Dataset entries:
——————

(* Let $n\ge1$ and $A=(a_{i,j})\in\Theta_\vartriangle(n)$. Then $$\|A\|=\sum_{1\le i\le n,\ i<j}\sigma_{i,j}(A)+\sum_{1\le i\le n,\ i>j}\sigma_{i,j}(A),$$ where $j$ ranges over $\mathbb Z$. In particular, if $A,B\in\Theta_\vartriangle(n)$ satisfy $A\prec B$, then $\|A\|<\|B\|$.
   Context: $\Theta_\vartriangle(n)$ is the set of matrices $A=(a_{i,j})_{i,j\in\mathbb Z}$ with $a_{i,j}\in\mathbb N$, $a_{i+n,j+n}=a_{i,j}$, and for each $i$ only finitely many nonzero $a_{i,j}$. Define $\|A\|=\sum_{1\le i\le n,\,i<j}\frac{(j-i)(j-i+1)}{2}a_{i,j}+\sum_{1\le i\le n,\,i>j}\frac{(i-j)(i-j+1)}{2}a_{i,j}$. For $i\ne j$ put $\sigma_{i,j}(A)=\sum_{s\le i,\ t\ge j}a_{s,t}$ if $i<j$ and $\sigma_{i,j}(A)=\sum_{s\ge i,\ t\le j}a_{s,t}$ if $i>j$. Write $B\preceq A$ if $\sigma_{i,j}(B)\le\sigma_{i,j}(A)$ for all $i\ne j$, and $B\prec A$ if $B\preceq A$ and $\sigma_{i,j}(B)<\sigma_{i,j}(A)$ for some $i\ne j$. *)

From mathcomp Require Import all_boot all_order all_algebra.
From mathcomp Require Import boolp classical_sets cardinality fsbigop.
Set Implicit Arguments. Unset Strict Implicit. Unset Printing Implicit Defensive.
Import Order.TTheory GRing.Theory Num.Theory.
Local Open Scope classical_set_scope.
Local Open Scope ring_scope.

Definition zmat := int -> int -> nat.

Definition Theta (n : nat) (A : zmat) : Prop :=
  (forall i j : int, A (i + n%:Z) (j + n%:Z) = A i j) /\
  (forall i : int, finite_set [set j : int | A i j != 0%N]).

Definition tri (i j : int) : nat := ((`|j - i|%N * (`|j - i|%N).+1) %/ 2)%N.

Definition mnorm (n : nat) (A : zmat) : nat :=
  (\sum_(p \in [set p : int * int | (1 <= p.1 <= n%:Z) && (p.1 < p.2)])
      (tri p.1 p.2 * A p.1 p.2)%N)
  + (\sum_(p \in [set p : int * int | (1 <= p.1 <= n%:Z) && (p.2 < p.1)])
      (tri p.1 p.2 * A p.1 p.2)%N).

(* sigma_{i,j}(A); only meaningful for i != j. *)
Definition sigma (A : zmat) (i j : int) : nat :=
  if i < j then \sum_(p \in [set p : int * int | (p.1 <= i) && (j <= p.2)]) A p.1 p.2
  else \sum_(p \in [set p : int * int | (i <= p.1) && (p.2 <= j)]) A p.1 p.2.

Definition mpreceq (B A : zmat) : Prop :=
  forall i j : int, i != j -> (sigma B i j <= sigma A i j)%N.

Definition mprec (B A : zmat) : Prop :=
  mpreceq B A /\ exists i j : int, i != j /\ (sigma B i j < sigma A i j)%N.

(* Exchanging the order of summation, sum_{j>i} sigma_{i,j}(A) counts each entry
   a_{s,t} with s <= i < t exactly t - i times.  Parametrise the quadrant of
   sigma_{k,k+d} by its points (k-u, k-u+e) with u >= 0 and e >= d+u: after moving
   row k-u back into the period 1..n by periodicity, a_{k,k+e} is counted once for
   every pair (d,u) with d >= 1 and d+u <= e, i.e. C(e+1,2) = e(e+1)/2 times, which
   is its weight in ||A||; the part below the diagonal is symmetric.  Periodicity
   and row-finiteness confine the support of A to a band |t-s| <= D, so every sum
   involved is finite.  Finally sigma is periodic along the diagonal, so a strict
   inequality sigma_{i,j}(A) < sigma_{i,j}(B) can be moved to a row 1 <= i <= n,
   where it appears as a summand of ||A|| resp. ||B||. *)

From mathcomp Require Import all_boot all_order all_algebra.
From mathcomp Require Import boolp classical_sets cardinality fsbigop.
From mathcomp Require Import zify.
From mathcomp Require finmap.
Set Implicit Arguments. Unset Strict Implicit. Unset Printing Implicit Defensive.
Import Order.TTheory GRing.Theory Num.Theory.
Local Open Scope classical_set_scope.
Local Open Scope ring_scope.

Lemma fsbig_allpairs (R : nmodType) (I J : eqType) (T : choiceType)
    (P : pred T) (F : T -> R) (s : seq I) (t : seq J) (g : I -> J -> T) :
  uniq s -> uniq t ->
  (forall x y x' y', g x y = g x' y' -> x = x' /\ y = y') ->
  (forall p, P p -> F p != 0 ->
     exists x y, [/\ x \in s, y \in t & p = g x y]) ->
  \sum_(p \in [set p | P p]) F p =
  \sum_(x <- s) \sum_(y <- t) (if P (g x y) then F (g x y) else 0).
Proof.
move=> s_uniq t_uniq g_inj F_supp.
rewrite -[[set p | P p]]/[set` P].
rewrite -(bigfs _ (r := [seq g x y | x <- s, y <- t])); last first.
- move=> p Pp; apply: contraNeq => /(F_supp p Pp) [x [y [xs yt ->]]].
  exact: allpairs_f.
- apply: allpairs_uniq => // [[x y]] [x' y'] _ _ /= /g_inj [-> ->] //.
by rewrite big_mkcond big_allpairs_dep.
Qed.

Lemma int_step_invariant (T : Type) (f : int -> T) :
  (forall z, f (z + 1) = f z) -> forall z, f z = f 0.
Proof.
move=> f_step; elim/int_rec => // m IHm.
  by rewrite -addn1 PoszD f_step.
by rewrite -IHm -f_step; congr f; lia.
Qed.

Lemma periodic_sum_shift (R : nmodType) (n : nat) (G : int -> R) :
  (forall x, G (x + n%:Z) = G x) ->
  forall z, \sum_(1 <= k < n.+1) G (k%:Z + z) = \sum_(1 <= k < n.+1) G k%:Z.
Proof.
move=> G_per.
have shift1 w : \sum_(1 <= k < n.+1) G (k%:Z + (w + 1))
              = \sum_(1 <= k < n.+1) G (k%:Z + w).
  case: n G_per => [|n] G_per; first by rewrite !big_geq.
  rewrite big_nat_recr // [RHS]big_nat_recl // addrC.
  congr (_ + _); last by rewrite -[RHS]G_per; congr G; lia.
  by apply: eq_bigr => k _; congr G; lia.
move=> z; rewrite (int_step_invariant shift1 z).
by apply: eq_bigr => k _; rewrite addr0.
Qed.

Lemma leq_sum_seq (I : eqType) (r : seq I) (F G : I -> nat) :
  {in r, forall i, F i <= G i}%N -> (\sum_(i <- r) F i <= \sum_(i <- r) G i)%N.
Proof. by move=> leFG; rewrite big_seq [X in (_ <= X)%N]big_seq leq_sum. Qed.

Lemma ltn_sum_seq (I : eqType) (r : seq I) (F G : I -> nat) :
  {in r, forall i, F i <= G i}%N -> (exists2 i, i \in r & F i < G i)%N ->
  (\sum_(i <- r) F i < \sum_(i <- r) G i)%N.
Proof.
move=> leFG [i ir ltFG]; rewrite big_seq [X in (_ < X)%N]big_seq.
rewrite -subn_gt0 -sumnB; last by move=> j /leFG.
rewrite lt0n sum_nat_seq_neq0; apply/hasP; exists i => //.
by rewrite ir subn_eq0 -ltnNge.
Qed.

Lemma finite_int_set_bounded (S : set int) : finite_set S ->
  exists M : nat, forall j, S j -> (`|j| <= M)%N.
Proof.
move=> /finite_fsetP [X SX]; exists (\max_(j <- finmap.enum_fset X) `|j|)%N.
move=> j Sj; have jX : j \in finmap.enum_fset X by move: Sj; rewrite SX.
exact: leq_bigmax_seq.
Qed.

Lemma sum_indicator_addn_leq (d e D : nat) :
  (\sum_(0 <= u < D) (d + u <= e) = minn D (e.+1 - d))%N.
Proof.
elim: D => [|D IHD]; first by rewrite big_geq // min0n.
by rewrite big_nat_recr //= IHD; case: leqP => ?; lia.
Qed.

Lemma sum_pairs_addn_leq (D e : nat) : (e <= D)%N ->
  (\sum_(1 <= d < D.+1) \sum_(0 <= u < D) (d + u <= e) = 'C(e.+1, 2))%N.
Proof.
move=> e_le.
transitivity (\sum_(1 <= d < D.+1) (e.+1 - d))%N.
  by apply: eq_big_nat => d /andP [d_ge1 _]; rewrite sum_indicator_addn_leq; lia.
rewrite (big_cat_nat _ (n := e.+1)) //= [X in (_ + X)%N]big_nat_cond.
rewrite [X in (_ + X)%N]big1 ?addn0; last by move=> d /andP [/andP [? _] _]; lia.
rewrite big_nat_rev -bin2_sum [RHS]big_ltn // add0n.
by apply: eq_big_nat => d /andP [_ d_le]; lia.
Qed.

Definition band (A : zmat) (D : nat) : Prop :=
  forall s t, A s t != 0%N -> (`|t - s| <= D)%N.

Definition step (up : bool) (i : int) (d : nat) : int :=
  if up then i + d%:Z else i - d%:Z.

——————

The "Lemma leq_sum_seq (I" line through the last line above: set these down exactly and add nothing else.

Lemma leq_sum_seq (I : eqType) (r : seq I) (F G : I -> nat) :
  {in r, forall i, F i <= G i}%N -> (\sum_(i <- r) F i <= \sum_(i <- r) G i)%N.
Proof. by move=> leFG; rewrite big_seq [X in (_ <= X)%N]big_seq leq_sum. Qed.

Lemma ltn_sum_seq (I : eqType) (r : seq I) (F G : I -> nat) :
  {in r, forall i, F i <= G i}%N -> (exists2 i, i \in r & F i < G i)%N ->
  (\sum_(i <- r) F i < \sum_(i <- r) G i)%N.
Proof.
move=> leFG [i ir ltFG]; rewrite big_seq [X in (_ < X)%N]big_seq.
rewrite -subn_gt0 -sumnB; last by move=> j /leFG.
rewrite lt0n sum_nat_seq_neq0; apply/hasP; exists i => //.
by rewrite ir subn_eq0 -ltnNge.
Qed.

Lemma finite_int_set_bounded (S : set int) : finite_set S ->
  exists M : nat, forall j, S j -> (`|j| <= M)%N.
Proof.
move=> /finite_fsetP [X SX]; exists (\max_(j <- finmap.enum_fset X) `|j|)%N.
move=> j Sj; have jX : j \in finmap.enum_fset X by move: Sj; rewrite SX.
exact: leq_bigmax_seq.
Qed.

Lemma sum_indicator_addn_leq (d e D : nat) :
  (\sum_(0 <= u < D) (d + u <= e) = minn D (e.+1 - d))%N.
Proof.
elim: D => [|D IHD]; first by rewrite big_geq // min0n.
by rewrite big_nat_recr //= IHD; case: leqP => ?; lia.
Qed.

Lemma sum_pairs_addn_leq (D e : nat) : (e <= D)%N ->
  (\sum_(1 <= d < D.+1) \sum_(0 <= u < D) (d + u <= e) = 'C(e.+1, 2))%N.
Proof.
move=> e_le.
transitivity (\sum_(1 <= d < D.+1) (e.+1 - d))%N.
  by apply: eq_big_nat => d /andP [d_ge1 _]; rewrite sum_indicator_addn_leq; lia.
rewrite (big_cat_nat _ (n := e.+1)) //= [X in (_ + X)%N]big_nat_cond.
rewrite [X in (_ + X)%N]big1 ?addn0; last by move=> d /andP [/andP [? _] _]; lia.
rewrite big_nat_rev -bin2_sum [RHS]big_ltn // add0n.
by apply: eq_big_nat => d /andP [_ d_le]; lia.
Qed.

Definition band (A : zmat) (D : nat) : Prop :=
  forall s t, A s t != 0%N -> (`|t - s| <= D)%N.

Definition step (up : bool) (i : int) (d : nat) : int :=
  if up then i + d%:Z else i - d%:Z.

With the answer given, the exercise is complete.